### Task objective
Exactly as written, copy the lines that run from the start of the data below to the line containing "in_ASEP x /\", both ends included.

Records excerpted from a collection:
(* Let $n\ge 4$. For every extreme point $\bar x$ of $P^n$ with all coordinates in $\{0,\tfrac12,1\}$ there exist $y^1,y^2\in\mathcal C^n$ such that $\bar x=\tfrac12 y^1+\tfrac12 y^2$.
   Context: Let $V=\{0,\dots,n-1\}$ and $E=\{(u,v)\in V\times V:u\neq v\}$ be the arc set of the complete digraph, with arcs written $uv$. For $w\in V$ let $\delta^+(w)$ and $\delta^-(w)$ denote the sets of arcs leaving and entering $w$. For $S\subseteq V$ let $\delta^+(S)=\{uv\in E:u\in S,\ v\notin S\}$, and let $\mathcal S=\{S\subset V:2\le|S|\le n-2\}$. For $x\in\mathbb R^E$ and $F\subseteq E$ write $x(F)=\sum_{e\in F}x_e$. The asymmetric subtour elimination polytope is $$P^n=\{x\in\mathbb R^E:\ x(\delta^+(w))=1 \text{ and } x(\delta^-(w))=1\ \forall w\in V,\ \ x(\delta^+(S))\ge 1\ \forall S\in\mathcal S,\ \ x\ge 0\}.$$ Let $\mathcal C^n=\{y\in\{0,1\}^E:\ y(\delta^+(w))=y(\delta^-(w))=1\ \forall w\in V\}$. These are the characteristic vectors of cycle covers, i.e. of spanning collections of vertex-disjoint directed cycles, each of length at least $2$, covering $V$. *)

From HB Require Import structures.
From mathcomp Require Import all_boot all_order all_algebra.
From mathcomp Require Import reals.
Set Implicit Arguments. Unset Strict Implicit. Unset Printing Implicit Defensive.
Import Order.TTheory GRing.Theory Num.Theory.
Local Open Scope ring_scope.

Definition darc (n : nat) := {e : 'I_n * 'I_n | e.1 != e.2}.

Section Defs.
Variables (R : realType) (n : nat).

Definition tail (e : darc n) : 'I_n := (val e).1.
Definition head (e : darc n) : 'I_n := (val e).2.

Definition xsum (x : darc n -> R) (F : {set darc n}) : R := \sum_(e in F) x e.

Definition delta_out (w : 'I_n) : {set darc n} := [set e | tail e == w].
Definition delta_in (w : 'I_n) : {set darc n} := [set e | head e == w].
Definition delta_outS (S : {set 'I_n}) : {set darc n} :=
  [set e | (tail e \in S) && (head e \notin S)].

Definition in_ASEP (x : darc n -> R) : Prop :=
  (forall w : 'I_n, xsum x (delta_out w) = 1 /\ xsum x (delta_in w) = 1) /\
  (forall S : {set 'I_n}, (2 <= #|S|)%N -> (#|S| <= n - 2)%N ->
      1 <= xsum x (delta_outS S)) /\
  (forall e, 0 <= x e).

Definition extreme_ASEP (x : darc n -> R) : Prop :=
  in_ASEP x /\
  forall (y z : darc n -> R) (lam : R), in_ASEP y -> in_ASEP z ->
    0 < lam -> lam < 1 -> (forall e, x e = lam * y e + (1 - lam) * z e) ->
    forall e, y e = z e.

Definition in_Cn (y : darc n -> R) : Prop :=
  (forall e, y e = 0 \/ y e = 1) /\
  (forall w : 'I_n, xsum y (delta_out w) = 1 /\ xsum y (delta_in w) = 1).

End Defs.

From Pilot Require Import Defs.
From HB Require Import structures.
From mathcomp Require Import all_boot all_order all_algebra.
From mathcomp Require Import reals zify.
Set Implicit Arguments. Unset Strict Implicit. Unset Printing Implicit Defensive.
Import Order.TTheory GRing.Theory Num.Theory.

(* Since x is half-integral, 2x is a
   nat matrix M with zero diagonal whose row and column sums all equal 2, i.e. a
   2-regular bipartite multigraph between tails and heads.  Every bipartite
   multigraph with even degrees has a submultigraph P taking exactly half of each
   degree: by induction on the number of edges, either remove a double edge, or
   contract a path a' - b - a - b' to a single edge a' - b', halve the smaller
   multigraph, and expand the edge back into a' - b and a - b' on the side that
   contains it.  Then P and M - P have all degrees 1 and zero diagonal, so they
   are cycle covers, and x = P/2 + (M - P)/2. *)

Section Halving.
Variable T : finType.
Implicit Types (M N P : T -> T -> nat) (a b i j : T).

Definition rowsum M i := \sum_j M i j.
Definition transp M i j := M j i.
Definition colsum M j := rowsum (transp M) j.
Definition total M := \sum_i rowsum M i.
Definition unit_at a b i j : nat := (i == a) && (j == b).

Lemma rowsumD M N i : rowsum (fun i j => M i j + N i j) i = rowsum M i + rowsum N i.
Proof. exact: big_split. Qed.

Lemma colsumD M N j : colsum (fun i j => M i j + N i j) j = colsum M j + colsum N j.
Proof. exact: rowsumD. Qed.

Lemma eq_rowsum M N : (forall i j, M i j = N i j) -> rowsum M =1 rowsum N.
Proof. by move=> eqMN i; apply: eq_bigr => j _. Qed.

Lemma eq_colsum M N : (forall i j, M i j = N i j) -> colsum M =1 colsum N.
Proof. by move=> eqMN; apply: eq_rowsum => i j; apply: eqMN. Qed.

Lemma rowsum_unit_at a b i : rowsum (unit_at a b) i = (i == a).
Proof.
rewrite /rowsum (bigD1 b) // /= big1 => [|j /negbTE nbj]; last by rewrite /unit_at nbj andbF.
by rewrite /unit_at eqxx andbT addn0.
Qed.

Lemma colsum_unit_at a b j : colsum (unit_at a b) j = (j == b).
Proof.
by rewrite /colsum -(rowsum_unit_at b a); apply: eq_rowsum => i k; rewrite /transp /unit_at andbC.
Qed.

Lemma totalD M N : total (fun i j => M i j + N i j) = total M + total N.
Proof. by rewrite /total -big_split; apply: eq_bigr => i _; apply: rowsumD. Qed.

Lemma eq_total M N : (forall i j, M i j = N i j) -> total M = total N.
Proof. by move=> eqMN; apply: eq_bigr => i _; apply: eq_rowsum. Qed.

Lemma total_unit_at a b : total (unit_at a b) = 1.
Proof.
rewrite /total (eq_bigr _ (fun i _ => rowsum_unit_at a b i)).
by rewrite (bigD1 a) //= eqxx big1 // => i /negbTE ->.
Qed.

Lemma leq_rowsum M i j : M i j <= rowsum M i.
Proof. by rewrite /rowsum (bigD1 j) //= leq_addr. Qed.

Lemma leq_colsum M i j : M i j <= colsum M j.
Proof. exact: (leq_rowsum (transp M)). Qed.

Lemma rowsum_gt_entry M a b : M a b < rowsum M a -> exists2 b', b' != b & 0 < M a b'.
Proof.
move=> ltMab; apply/exists_inP; apply: contraLR ltMab => /exists_inPn M0.
rewrite -leqNgt /rowsum (bigD1 b) //= big1 ?addn0 // => j /M0.
by rewrite lt0n negbK => /eqP.
Qed.

Lemma colsum_gt_entry M a b : M a b < colsum M b -> exists2 a', a' != a & 0 < M a' b.
Proof. by move/(rowsum_gt_entry (M := transp M)). Qed.

Lemma unit_at_le M a b i j : 0 < M a b -> unit_at a b i j <= M i j.
Proof. by rewrite /unit_at; case: (i =P a) => [->|]; case: (j =P b) => [->|]. Qed.

Lemma rowsum_add_unit M N a b :
  (forall i j, M i j + unit_at a b i j = N i j) -> forall i, rowsum M i + (i == a) = rowsum N i.
Proof. by move=> eqMN i; rewrite -(rowsum_unit_at a b) -rowsumD; apply: eq_rowsum. Qed.

Lemma colsum_add_unit M N a b :
  (forall i j, M i j + unit_at a b i j = N i j) -> forall j, colsum M j + (j == b) = colsum N j.
Proof. by move=> eqMN j; rewrite -(colsum_unit_at a b) -colsumD; apply: eq_colsum. Qed.

Definition halves M P := [/\ forall i j, P i j <= M i j,
  forall i, rowsum M i = (rowsum P i).*2 & forall j, colsum M j = (colsum P j).*2].

Lemma halves_complement M P : halves M P -> halves M (fun i j => M i j - P i j).
Proof.
move=> [leP rowP colP]; have subK i j : M i j - P i j + P i j = M i j by rewrite subnK.
split=> [i j|i|j]; first exact: leq_subr.
- by have := rowP i; rewrite -(eq_rowsum subK) rowsumD; lia.
- by have := colP j; rewrite -(eq_colsum subK) colsumD; lia.
Qed.

Section Double.
Variables (M M' : T -> T -> nat) (a b : T).
Hypothesis defM : forall i j, M i j = M' i j + unit_at a b i j + unit_at a b i j.

Lemma rowsum_double i : rowsum M i = rowsum M' i + (i == a) + (i == a).
Proof. by rewrite (eq_rowsum defM) !rowsumD rowsum_unit_at. Qed.

Lemma colsum_double j : colsum M j = colsum M' j + (j == b) + (j == b).
Proof. by rewrite (eq_colsum defM) !colsumD colsum_unit_at. Qed.

Lemma total_double : total M = total M' + 2.
Proof. by rewrite (eq_total defM) !totalD total_unit_at -addnA. Qed.

Lemma halves_double P' : halves M' P' -> halves M (fun i j => P' i j + unit_at a b i j).
Proof.
case=> leP' rowP' colP'; split=> [i j|i|j].
- by rewrite defM; have := leP' i j; lia.
- by rewrite rowsum_double rowsumD rowsum_unit_at rowP'; lia.
- by rewrite colsum_double colsumD colsum_unit_at colP'; lia.
Qed.

End Double.

Lemma contract_path M a b a' b' : a' != a -> b' != b ->
  0 < M a b -> 0 < M a b' -> 0 < M a' b ->
  exists M', forall i j,
    M i j + unit_at a' b' i j = M' i j + unit_at a b i j + unit_at a b' i j + unit_at a' b i j.
Proof.
move=> na'a nb'b Mab Mab' Ma'b; have naa' : a != a' by rewrite eq_sym.
have nbb' : b != b' by rewrite eq_sym.
exists (fun i j =>
  M i j + unit_at a' b' i j - unit_at a b i j - unit_at a b' i j - unit_at a' b i j).
move=> i j; rewrite /unit_at.
have [->|_] := eqVneq i a; have [->|_] := eqVneq j b;
  rewrite ?eqxx ?(negbTE naa') ?(negbTE nbb') /=;
  try (have [->|_] := eqVneq i a'); try (have [->|_] := eqVneq j b'); rewrite /=; lia.
Qed.

Section Contraction.
Variables (M M' : T -> T -> nat) (a b a' b' : T).
Hypotheses (na'a : a' != a) (nb'b : b' != b).
Hypothesis defM : forall i j,
  M i j + unit_at a' b' i j = M' i j + unit_at a b i j + unit_at a b' i j + unit_at a' b i j.

Lemma rowsum_contraction i :
  rowsum M i + (i == a') = rowsum M' i + (i == a) + (i == a) + (i == a').
Proof. by rewrite (rowsum_add_unit defM) !rowsumD !rowsum_unit_at. Qed.

Lemma colsum_contraction j :
  colsum M j + (j == b') = colsum M' j + (j == b) + (j == b') + (j == b).
Proof. by rewrite (colsum_add_unit defM) !colsumD !colsum_unit_at. Qed.

Lemma total_contraction : total M + 1 = total M' + 3.
Proof.
by rewrite -[in LHS](total_unit_at a' b') -totalD (eq_total defM) !totalD !total_unit_at -!addnA.
Qed.

Lemma halves_contraction P' : halves M' P' -> exists P, halves M P.
Proof.
move=> halvesP'.
have M'pos : 0 < M' a' b'.
  have := defM a' b'; rewrite /unit_at !eqxx (negbTE na'a) (negbTE nb'b) /=; lia.
(* Up to complementation, the edge [a' - b'] lies in the half [Q]. *)
have [Q [leQ rowQ colQ] Qpos] : exists2 Q, halves M' Q & 0 < Q a' b'.
  have [P'0|] := posnP (P' a' b'); last by exists P'.
  by exists (fun i j => M' i j - P' i j); [exact: halves_complement | rewrite P'0 subn0].
pose P i j := Q i j - unit_at a' b' i j + unit_at a' b i j + unit_at a b' i j.
have defP i j : P i j + unit_at a' b' i j = Q i j + unit_at a' b i j + unit_at a b' i j.
  by have := unit_at_le i j Qpos; rewrite /P; lia.
exists P; split=> [i j|i|j].
- by have := defP i j; have := defM i j; have := leQ i j; lia.
- have := rowsum_add_unit defP i; rewrite !rowsumD !rowsum_unit_at.
  by have := rowsum_contraction i; rewrite rowQ; lia.
- have := colsum_add_unit defP j; rewrite !colsumD !colsum_unit_at.
  by have := colsum_contraction j; rewrite colQ; lia.
Qed.

End Contraction.

Theorem halves_even_degrees M :
  (forall i, ~~ odd (rowsum M i)) -> (forall j, ~~ odd (colsum M j)) -> exists P, halves M P.
Proof.
have [N] := ubnP (total M); elim: N M => // N IH M ltMN evenRow evenCol.
have [[a b] /= Mab|M0] := pickP (fun p : T * T => 0 < M p.1 p.2); last first.
  have M0' i j : M i j = 0 by have /= := M0 (i, j); lia.
  by exists (fun _ _ => 0); split=> // k; rewrite /colsum /rowsum !big1 // => i _; apply: M0'.
have [Mab2|Mab1] := leqP 2 (M a b).
  pose M' i j := M i j - unit_at a b i j - unit_at a b i j.
  have defM i j : M i j = M' i j + unit_at a b i j + unit_at a b i j.
    by rewrite /M' /unit_at; case: (i =P a) => [->|_]; case: (j =P b) => [->|_] /=; lia.
  have [|i|j|P' halvesP'] := IH M'.
  - by have := total_double defM; lia.
  - by have := evenRow i; rewrite (rowsum_double defM); lia.
  - by have := evenCol j; rewrite (colsum_double defM); lia.
  by exists (fun i j => P' i j + unit_at a b i j); apply: halves_double.
have [b' nb'b Mab'] : exists2 b', b' != b & 0 < M a b'.
  by apply: rowsum_gt_entry; have := evenRow a; have := leq_rowsum M a b; lia.
have [a' na'a Ma'b] : exists2 a', a' != a & 0 < M a' b.
  by apply: colsum_gt_entry; have := evenCol b; have := leq_colsum M a b; lia.
have [M' defM] := contract_path na'a nb'b Mab Mab' Ma'b.
have [|i|j|P' halvesP'] := IH M'.
- by have := total_contraction defM; lia.
- by have := evenRow i; have := rowsum_contraction defM i; lia.
- by have := evenCol j; have := colsum_contraction defM j; lia.
exact: (halves_contraction na'a nb'b defM halvesP').
Qed.

End Halving.

(* Restore the arc [tail]/[head] of Defs, shadowed by those of seq. *)
Import Pilot.Defs.
Local Open Scope ring_scope.

Section CycleCovers.
Variables (R : realType) (n : nat).
Implicit Types (M P : 'I_n -> 'I_n -> nat) (w : 'I_n).

Definition arc_vec P (e : darc n) : R := (P (tail e) (head e))%:R.

Lemma sum_darc (Q : pred ('I_n * 'I_n)) (F : 'I_n * 'I_n -> R) :
  \sum_(e : darc n | Q (val e)) F (val e) = \sum_(p | (p.1 != p.2) && Q p) F p.
Proof.
rewrite (reindex_omap (val : darc n -> _) insub) => [|p /andP[p12 _]]; last by rewrite insubT.
by apply: eq_bigl => e; rewrite valK eqxx andbT (valP e).
Qed.

Lemma xsum_delta_out P w : (forall i, P i i = 0%N) ->
  xsum (arc_vec P) (delta_out w) = (rowsum P w)%:R.
Proof.
move=> P0; rewrite /xsum /rowsum natr_sum (bigD1 w) //= P0 add0r.
rewrite (eq_bigl (fun e : darc n => (val e).1 == w)) => [|e]; last by rewrite inE.
rewrite (sum_darc (fun p => p.1 == w) (fun p => (P p.1 p.2)%:R)).
have -> : \sum_(j | j != w) (P w j)%:R = \sum_(i | i == w) \sum_(j | j != i) (P i j)%:R :> R.
  by rewrite big_pred1_eq.
rewrite pair_big_dep.
by apply: eq_bigl => -[i j] /=; rewrite andbC; case: (i =P w) => [->|] //=; rewrite eq_sym.
Qed.

Lemma xsum_delta_in P w : (forall i, P i i = 0%N) ->
  xsum (arc_vec P) (delta_in w) = (colsum P w)%:R.
Proof.
move=> P0; rewrite /xsum /colsum /rowsum /transp natr_sum (bigD1 w) //= P0 add0r.
rewrite (eq_bigl (fun e : darc n => (val e).2 == w)) => [|e]; last by rewrite inE.
rewrite (sum_darc (fun p => p.2 == w) (fun p => (P p.1 p.2)%:R)).
rewrite (eq_bigr (fun i => \sum_(j | j == w) (P i j)%:R)) => [|i _]; last by rewrite big_pred1_eq.
rewrite pair_big_dep; apply: eq_bigl => -[i j] /=.
by case: (j =P w) => [->|]; rewrite ?andbF // andbT.
Qed.

Lemma in_Cn_halves M P :
  (forall i, M i i = 0%N) -> (forall w, rowsum M w = 2%N /\ colsum M w = 2%N) ->
  halves M P -> in_Cn (arc_vec P).
Proof.
move=> M0 degM [leP rowP colP].
have P0 i : P i i = 0%N by apply/eqP; rewrite -leqn0 -(M0 i) leP.
have rowP1 w : rowsum P w = 1%N by have := rowP w; rewrite (proj1 (degM w)); lia.
have colP1 w : colsum P w = 1%N by have := colP w; rewrite (proj2 (degM w)); lia.
split=> [e|w]; last by rewrite xsum_delta_out // xsum_delta_in // rowP1 colP1.
have := leq_rowsum P (tail e) (head e); rewrite rowP1 /arc_vec.
by case: (P _ _) => [|[|]] // _; [left|right].
Qed.

End CycleCovers.

Lemma natr_half_eq1 (R : realType) (k : nat) : k%:R / 2 = 1 :> R -> k = 2%N.
Proof.
move/(canRL (divfK _)); rewrite mul1r pnatr_eq0 => /(_ isT).
by move/eqP; rewrite eqr_nat => /eqP.
Qed.

Theorem mainTheorem2 (R : realType) (n : nat) (x : darc n -> R) :
  (4 <= n)%N ->
  extreme_ASEP x ->
  (forall e, x e = 0 \/ x e = 2^-1 \/ x e = 1) ->
  exists y1 y2 : darc n -> R,
    in_Cn y1 /\ in_Cn y2 /\ forall e, x e = 2^-1 * y1 e + 2^-1 * y2 e.
Proof.
move=> _ [[degx _] _] valx.
have twice_x_nat e : 2 * x e \is a Num.nat.
  by case: (valx e) => [->|[->|->]]; rewrite ?mulr0 ?mulr1 ?mulfV ?pnatr_eq0 ?natr_nat.
pose M i j := oapp (fun e => Num.truncn (2 * x e)) 0%N (insub (i, j)).
have M0 i : M i i = 0%N by rewrite /M insubF //= eqxx.
have xM e : x e = arc_vec R M e / 2.
  rewrite /arc_vec /M (_ : (tail e, head e) = val e); last by case: e => -[].
  by rewrite valK /= truncnK // mulrC mulKf // pnatr_eq0.
have xsumM F : xsum x F = xsum (arc_vec R M) F / 2.
  by rewrite /xsum mulr_suml; apply: eq_bigr => e _.
have degM w : rowsum M w = 2%N /\ colsum M w = 2%N.
  have [] := degx w; rewrite !xsumM xsum_delta_out // xsum_delta_in //.
  by move=> /natr_half_eq1 -> /natr_half_eq1 ->.
have [P halvesP] : exists P, halves M P.
  by apply: halves_even_degrees => w; rewrite (proj1 (degM w), proj2 (degM w)).
have halvesQ := halves_complement halvesP.
exists (arc_vec R P), (arc_vec R (fun i j => M i j - P i j)%N).
split; [exact: in_Cn_halves halvesP | split; [exact: in_Cn_halves halvesQ|]].
move=> e; have [leP _ _] := halvesP.
by rewrite xM /arc_vec -{1}(subnK (leP (tail e) (head e))) natrD mulrDl addrC !(mulrC _ 2^-1).
Qed.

### Written response
(* Let $n\ge 4$. For every extreme point $\bar x$ of $P^n$ with all coordinates in $\{0,\tfrac12,1\}$ there exist $y^1,y^2\in\mathcal C^n$ such that $\bar x=\tfrac12 y^1+\tfrac12 y^2$.
   Context: Let $V=\{0,\dots,n-1\}$ and $E=\{(u,v)\in V\times V:u\neq v\}$ be the arc set of the complete digraph, with arcs written $uv$. For $w\in V$ let $\delta^+(w)$ and $\delta^-(w)$ denote the sets of arcs leaving and entering $w$. For $S\subseteq V$ let $\delta^+(S)=\{uv\in E:u\in S,\ v\notin S\}$, and let $\mathcal S=\{S\subset V:2\le|S|\le n-2\}$. For $x\in\mathbb R^E$ and $F\subseteq E$ write $x(F)=\sum_{e\in F}x_e$. The asymmetric subtour elimination polytope is $$P^n=\{x\in\mathbb R^E:\ x(\delta^+(w))=1 \text{ and } x(\delta^-(w))=1\ \forall w\in V,\ \ x(\delta^+(S))\ge 1\ \forall S\in\mathcal S,\ \ x\ge 0\}.$$ Let $\mathcal C^n=\{y\in\{0,1\}^E:\ y(\delta^+(w))=y(\delta^-(w))=1\ \forall w\in V\}$. These are the characteristic vectors of cycle covers, i.e. of spanning collections of vertex-disjoint directed cycles, each of length at least $2$, covering $V$. *)

From HB Require Import structures.
From mathcomp Require Import all_boot all_order all_algebra.
From mathcomp Require Import reals.
Set Implicit Arguments. Unset Strict Implicit. Unset Printing Implicit Defensive.
Import Order.TTheory GRing.Theory Num.Theory.
Local Open Scope ring_scope.

Definition darc (n : nat) := {e : 'I_n * 'I_n | e.1 != e.2}.

Section Defs.
Variables (R : realType) (n : nat).

Definition tail (e : darc n) : 'I_n := (val e).1.
Definition head (e : darc n) : 'I_n := (val e).2.

Definition xsum (x : darc n -> R) (F : {set darc n}) : R := \sum_(e in F) x e.

Definition delta_out (w : 'I_n) : {set darc n} := [set e | tail e == w].
Definition delta_in (w : 'I_n) : {set darc n} := [set e | head e == w].
Definition delta_outS (S : {set 'I_n}) : {set darc n} :=
  [set e | (tail e \in S) && (head e \notin S)].

Definition in_ASEP (x : darc n -> R) : Prop :=
  (forall w : 'I_n, xsum x (delta_out w) = 1 /\ xsum x (delta_in w) = 1) /\
  (forall S : {set 'I_n}, (2 <= #|S|)%N -> (#|S| <= n - 2)%N ->
      1 <= xsum x (delta_outS S)) /\
  (forall e, 0 <= x e).

Definition extreme_ASEP (x : darc n -> R) : Prop :=
  in_ASEP x /\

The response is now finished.